== GIVEN INFORMATION

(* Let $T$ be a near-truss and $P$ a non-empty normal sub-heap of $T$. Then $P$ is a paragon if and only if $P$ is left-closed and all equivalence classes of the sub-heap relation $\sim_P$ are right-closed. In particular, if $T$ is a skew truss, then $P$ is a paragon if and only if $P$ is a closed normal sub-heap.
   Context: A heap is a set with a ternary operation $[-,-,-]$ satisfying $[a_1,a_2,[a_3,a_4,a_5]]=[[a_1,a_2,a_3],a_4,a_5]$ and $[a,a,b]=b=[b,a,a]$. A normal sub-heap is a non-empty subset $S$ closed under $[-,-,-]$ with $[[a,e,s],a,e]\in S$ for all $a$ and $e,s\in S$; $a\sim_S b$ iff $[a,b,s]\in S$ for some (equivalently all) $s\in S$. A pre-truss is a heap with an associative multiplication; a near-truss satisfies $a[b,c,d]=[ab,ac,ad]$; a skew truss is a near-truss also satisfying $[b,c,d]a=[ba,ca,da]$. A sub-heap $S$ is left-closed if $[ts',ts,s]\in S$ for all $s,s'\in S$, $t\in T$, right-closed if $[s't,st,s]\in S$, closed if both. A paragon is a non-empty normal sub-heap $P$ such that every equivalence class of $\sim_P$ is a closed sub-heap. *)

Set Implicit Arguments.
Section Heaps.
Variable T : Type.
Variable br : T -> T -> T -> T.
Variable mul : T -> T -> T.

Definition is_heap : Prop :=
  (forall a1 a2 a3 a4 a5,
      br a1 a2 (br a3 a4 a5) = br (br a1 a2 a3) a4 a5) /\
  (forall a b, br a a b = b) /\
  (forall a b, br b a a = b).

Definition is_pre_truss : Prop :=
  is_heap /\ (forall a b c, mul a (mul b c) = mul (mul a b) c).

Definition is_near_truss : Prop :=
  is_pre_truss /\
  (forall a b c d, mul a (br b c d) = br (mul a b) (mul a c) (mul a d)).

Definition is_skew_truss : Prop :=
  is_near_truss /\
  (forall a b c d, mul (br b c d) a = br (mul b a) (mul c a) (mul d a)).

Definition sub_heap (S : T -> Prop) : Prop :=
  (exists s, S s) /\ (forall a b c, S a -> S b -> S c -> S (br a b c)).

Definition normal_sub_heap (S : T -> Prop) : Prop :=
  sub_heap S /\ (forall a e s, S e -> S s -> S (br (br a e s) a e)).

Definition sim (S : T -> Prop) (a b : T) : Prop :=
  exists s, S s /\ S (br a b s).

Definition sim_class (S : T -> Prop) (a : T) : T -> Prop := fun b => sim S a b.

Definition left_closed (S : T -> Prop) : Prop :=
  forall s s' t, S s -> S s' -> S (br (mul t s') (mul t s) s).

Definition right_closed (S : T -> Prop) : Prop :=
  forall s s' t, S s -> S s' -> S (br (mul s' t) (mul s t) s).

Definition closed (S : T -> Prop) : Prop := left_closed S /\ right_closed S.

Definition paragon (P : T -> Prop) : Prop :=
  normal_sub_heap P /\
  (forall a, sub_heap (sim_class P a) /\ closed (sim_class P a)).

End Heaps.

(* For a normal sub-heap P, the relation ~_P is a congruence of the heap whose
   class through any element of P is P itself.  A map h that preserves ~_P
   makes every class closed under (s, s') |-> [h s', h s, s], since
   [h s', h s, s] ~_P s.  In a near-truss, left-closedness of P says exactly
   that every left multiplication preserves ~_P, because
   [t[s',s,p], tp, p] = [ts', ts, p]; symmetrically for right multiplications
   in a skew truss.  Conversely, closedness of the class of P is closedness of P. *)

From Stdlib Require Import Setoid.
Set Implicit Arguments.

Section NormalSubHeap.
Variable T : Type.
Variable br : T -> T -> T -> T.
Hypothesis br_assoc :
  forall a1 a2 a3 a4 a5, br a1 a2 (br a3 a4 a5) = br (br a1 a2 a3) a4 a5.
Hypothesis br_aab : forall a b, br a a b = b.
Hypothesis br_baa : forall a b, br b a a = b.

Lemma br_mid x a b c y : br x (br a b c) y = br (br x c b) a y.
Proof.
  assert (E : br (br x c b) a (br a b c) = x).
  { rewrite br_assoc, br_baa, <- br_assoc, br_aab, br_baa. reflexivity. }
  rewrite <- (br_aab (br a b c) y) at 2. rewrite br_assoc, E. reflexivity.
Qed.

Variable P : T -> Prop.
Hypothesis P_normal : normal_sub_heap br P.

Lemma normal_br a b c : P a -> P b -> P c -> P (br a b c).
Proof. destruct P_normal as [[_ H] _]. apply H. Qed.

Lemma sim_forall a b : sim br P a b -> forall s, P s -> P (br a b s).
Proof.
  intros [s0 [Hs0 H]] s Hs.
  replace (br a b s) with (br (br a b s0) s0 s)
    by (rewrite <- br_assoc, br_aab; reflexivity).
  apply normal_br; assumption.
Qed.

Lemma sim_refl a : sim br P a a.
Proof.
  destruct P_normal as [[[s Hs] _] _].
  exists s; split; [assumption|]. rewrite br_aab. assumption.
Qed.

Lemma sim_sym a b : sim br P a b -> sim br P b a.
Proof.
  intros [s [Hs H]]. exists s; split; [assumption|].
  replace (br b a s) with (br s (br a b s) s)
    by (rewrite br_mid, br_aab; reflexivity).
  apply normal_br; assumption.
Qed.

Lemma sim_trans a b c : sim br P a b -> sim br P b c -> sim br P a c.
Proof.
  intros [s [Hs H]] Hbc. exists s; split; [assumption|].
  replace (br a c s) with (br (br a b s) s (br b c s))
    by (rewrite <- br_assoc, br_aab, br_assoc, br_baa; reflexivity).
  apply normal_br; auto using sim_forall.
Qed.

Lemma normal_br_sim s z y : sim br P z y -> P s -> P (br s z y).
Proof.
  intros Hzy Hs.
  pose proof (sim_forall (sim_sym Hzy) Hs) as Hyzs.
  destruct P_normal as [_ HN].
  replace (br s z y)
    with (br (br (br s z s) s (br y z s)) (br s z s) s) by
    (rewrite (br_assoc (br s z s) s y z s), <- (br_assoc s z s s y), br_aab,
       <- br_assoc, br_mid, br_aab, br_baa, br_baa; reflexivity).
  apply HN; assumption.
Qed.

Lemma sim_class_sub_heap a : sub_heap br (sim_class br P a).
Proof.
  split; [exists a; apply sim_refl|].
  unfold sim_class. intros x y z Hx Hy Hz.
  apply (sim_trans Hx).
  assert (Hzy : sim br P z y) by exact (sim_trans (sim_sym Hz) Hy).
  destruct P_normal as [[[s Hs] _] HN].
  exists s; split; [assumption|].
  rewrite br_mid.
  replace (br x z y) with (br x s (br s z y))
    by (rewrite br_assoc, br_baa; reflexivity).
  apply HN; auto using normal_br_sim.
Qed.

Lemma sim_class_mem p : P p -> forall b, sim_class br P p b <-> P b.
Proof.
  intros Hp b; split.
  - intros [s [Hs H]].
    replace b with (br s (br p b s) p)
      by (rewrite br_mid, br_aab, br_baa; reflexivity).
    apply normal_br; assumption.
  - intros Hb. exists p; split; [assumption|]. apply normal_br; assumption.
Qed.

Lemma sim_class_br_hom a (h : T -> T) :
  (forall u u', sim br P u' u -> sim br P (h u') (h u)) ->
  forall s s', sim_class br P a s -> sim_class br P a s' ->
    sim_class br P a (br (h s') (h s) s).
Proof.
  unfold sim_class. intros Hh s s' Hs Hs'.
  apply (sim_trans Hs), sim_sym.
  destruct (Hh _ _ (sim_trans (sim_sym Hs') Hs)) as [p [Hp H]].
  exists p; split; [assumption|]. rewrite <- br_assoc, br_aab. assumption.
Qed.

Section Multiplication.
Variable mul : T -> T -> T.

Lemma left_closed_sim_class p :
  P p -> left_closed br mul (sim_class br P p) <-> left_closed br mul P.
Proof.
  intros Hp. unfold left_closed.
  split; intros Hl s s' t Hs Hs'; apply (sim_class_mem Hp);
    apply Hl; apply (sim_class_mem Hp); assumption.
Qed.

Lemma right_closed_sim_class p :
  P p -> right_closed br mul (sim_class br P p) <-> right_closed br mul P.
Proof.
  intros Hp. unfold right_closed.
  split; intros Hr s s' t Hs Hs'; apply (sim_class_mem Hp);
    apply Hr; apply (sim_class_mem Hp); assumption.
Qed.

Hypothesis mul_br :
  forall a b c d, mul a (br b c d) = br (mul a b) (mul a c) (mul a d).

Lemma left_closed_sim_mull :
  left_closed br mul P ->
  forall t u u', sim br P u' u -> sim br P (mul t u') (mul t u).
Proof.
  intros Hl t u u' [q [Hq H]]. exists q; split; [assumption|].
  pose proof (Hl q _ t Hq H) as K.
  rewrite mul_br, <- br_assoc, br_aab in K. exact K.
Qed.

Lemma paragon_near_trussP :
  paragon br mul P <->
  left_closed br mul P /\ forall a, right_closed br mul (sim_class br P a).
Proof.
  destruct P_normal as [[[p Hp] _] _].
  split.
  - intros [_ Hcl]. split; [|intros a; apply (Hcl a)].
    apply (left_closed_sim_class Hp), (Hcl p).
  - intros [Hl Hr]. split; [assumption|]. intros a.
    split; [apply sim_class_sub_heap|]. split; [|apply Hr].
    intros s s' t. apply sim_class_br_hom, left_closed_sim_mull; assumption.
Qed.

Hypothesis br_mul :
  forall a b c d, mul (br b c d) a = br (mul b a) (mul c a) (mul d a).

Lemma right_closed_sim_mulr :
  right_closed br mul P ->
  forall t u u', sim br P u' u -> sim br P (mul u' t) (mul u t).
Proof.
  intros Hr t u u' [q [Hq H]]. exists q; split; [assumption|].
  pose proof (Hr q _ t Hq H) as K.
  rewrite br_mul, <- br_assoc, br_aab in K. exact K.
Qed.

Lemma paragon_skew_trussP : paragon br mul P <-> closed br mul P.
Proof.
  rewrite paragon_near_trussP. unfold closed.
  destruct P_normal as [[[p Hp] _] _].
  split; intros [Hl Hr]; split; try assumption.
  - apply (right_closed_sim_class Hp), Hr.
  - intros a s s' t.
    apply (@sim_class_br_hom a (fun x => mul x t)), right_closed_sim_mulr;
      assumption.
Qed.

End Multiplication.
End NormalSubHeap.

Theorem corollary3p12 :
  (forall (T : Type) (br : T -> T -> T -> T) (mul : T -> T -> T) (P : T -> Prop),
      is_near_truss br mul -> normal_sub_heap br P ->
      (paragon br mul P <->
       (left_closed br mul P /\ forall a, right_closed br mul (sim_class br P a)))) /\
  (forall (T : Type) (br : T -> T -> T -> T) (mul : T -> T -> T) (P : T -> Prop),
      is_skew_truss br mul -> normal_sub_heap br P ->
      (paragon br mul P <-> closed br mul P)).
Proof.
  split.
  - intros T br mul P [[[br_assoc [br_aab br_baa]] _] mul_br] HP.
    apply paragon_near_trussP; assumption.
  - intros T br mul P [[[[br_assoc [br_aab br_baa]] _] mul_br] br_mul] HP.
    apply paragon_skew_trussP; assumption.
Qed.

====
== GIVEN INFORMATION

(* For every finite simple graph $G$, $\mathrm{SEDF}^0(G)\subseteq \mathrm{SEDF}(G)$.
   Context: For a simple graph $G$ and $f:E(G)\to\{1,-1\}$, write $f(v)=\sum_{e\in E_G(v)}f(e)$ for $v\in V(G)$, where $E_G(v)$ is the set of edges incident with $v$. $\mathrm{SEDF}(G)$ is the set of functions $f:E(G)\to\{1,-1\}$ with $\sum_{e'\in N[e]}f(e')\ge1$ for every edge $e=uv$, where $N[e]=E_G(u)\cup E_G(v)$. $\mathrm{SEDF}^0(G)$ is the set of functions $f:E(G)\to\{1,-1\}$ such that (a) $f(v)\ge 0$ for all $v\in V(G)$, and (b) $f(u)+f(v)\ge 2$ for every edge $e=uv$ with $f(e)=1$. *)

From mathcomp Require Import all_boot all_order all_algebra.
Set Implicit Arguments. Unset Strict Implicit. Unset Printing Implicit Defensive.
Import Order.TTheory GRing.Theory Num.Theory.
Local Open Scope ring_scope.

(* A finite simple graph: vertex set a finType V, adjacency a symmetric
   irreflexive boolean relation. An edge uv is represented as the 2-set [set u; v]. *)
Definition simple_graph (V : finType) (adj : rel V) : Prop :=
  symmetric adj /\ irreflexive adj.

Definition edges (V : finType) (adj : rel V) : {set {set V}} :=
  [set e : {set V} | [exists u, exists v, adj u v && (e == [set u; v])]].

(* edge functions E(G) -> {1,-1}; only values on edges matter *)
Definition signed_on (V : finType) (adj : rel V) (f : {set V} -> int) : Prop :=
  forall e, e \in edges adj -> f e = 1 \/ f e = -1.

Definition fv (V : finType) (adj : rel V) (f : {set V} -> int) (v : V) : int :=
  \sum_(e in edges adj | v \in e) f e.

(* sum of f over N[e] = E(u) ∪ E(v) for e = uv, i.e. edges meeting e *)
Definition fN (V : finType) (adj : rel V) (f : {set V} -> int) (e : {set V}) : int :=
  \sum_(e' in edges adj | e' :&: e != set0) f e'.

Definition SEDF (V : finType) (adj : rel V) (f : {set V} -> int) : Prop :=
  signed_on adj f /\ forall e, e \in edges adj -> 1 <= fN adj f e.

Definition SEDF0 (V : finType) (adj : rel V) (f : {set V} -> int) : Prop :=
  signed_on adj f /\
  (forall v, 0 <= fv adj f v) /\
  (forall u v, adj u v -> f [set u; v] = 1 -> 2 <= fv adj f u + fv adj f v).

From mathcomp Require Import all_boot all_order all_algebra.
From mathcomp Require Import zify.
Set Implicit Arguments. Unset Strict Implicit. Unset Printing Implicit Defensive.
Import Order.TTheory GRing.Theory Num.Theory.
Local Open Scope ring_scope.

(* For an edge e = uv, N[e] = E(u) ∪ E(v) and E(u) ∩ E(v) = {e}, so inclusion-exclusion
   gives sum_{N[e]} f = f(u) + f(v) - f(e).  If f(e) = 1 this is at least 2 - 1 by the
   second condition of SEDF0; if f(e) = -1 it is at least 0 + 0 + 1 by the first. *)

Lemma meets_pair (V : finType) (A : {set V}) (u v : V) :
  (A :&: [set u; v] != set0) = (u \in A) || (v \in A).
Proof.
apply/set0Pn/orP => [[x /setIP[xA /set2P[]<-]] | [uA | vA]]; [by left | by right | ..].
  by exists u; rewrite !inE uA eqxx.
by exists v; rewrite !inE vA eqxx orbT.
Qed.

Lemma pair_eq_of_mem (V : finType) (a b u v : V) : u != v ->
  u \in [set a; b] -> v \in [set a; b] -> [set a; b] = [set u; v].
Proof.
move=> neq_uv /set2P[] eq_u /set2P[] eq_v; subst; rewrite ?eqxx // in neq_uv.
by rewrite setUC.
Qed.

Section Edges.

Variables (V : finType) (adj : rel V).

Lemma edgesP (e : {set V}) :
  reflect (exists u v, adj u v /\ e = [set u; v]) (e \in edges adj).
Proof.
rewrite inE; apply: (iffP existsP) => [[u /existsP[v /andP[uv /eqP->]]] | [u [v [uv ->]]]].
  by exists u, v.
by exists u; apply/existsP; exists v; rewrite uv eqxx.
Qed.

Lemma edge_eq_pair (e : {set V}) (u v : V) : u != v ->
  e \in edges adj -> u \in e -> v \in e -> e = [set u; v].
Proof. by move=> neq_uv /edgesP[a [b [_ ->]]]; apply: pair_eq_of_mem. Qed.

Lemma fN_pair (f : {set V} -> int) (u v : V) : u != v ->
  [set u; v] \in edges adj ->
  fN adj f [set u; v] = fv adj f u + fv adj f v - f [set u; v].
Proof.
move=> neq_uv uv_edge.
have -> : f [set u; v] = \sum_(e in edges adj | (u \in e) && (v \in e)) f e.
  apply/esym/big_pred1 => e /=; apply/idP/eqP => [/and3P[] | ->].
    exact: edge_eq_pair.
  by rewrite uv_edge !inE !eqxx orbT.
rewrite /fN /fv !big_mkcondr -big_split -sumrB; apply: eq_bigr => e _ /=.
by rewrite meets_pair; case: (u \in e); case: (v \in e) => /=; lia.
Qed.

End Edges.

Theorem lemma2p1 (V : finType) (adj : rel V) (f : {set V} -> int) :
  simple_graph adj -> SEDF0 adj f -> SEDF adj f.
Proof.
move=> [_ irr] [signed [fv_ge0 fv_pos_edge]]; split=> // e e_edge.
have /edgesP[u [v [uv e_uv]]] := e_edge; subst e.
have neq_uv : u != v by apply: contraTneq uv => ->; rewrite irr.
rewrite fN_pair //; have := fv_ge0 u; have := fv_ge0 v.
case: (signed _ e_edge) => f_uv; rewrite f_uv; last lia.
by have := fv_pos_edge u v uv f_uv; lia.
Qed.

====
== GIVEN INFORMATION

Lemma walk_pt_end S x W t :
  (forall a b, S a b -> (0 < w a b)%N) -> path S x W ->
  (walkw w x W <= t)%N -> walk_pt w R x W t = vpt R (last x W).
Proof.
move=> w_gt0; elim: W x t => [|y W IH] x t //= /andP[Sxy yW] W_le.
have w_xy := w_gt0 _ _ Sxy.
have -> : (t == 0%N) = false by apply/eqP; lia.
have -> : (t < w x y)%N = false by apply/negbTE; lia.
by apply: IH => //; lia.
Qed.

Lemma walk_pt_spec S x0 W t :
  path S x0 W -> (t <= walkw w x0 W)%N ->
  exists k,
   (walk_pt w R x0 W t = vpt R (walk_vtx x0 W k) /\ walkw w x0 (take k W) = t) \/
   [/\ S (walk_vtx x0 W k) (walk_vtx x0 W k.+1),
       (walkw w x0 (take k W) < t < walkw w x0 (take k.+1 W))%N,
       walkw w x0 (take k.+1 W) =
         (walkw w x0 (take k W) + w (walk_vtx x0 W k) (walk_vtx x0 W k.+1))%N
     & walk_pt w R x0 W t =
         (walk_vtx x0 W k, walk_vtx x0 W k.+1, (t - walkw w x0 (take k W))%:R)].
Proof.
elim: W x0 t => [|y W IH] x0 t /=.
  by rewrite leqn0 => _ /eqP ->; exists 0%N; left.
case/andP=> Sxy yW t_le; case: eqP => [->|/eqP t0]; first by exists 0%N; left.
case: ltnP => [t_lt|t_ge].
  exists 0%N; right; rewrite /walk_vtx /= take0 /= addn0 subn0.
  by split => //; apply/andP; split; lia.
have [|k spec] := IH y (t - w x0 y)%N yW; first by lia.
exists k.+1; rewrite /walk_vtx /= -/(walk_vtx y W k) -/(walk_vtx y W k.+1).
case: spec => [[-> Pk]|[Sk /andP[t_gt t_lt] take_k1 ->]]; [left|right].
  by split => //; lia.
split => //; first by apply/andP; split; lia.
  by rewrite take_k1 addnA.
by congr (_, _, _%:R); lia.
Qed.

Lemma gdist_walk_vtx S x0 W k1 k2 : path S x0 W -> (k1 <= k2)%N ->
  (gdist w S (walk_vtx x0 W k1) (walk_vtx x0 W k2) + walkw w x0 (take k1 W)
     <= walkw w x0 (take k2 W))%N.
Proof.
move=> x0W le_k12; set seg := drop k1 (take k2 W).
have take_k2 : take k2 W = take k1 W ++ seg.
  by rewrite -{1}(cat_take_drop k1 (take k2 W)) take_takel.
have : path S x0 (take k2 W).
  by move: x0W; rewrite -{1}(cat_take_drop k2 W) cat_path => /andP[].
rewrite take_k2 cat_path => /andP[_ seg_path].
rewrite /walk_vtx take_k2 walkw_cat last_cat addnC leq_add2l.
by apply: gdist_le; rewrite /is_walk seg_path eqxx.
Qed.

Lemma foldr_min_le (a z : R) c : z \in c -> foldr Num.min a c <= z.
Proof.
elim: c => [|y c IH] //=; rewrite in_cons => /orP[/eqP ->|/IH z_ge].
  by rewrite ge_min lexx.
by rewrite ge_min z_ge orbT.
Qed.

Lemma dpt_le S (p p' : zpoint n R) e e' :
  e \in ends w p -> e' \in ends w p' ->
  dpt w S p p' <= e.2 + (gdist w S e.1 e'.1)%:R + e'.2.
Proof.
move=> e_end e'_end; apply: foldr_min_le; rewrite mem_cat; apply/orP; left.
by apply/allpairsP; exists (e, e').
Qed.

====

▸ ABOUT THIS EXERCISE
Answer with one number only: how many lines above contain the word "functions".

▸ RESULT FOR THIS TASK
2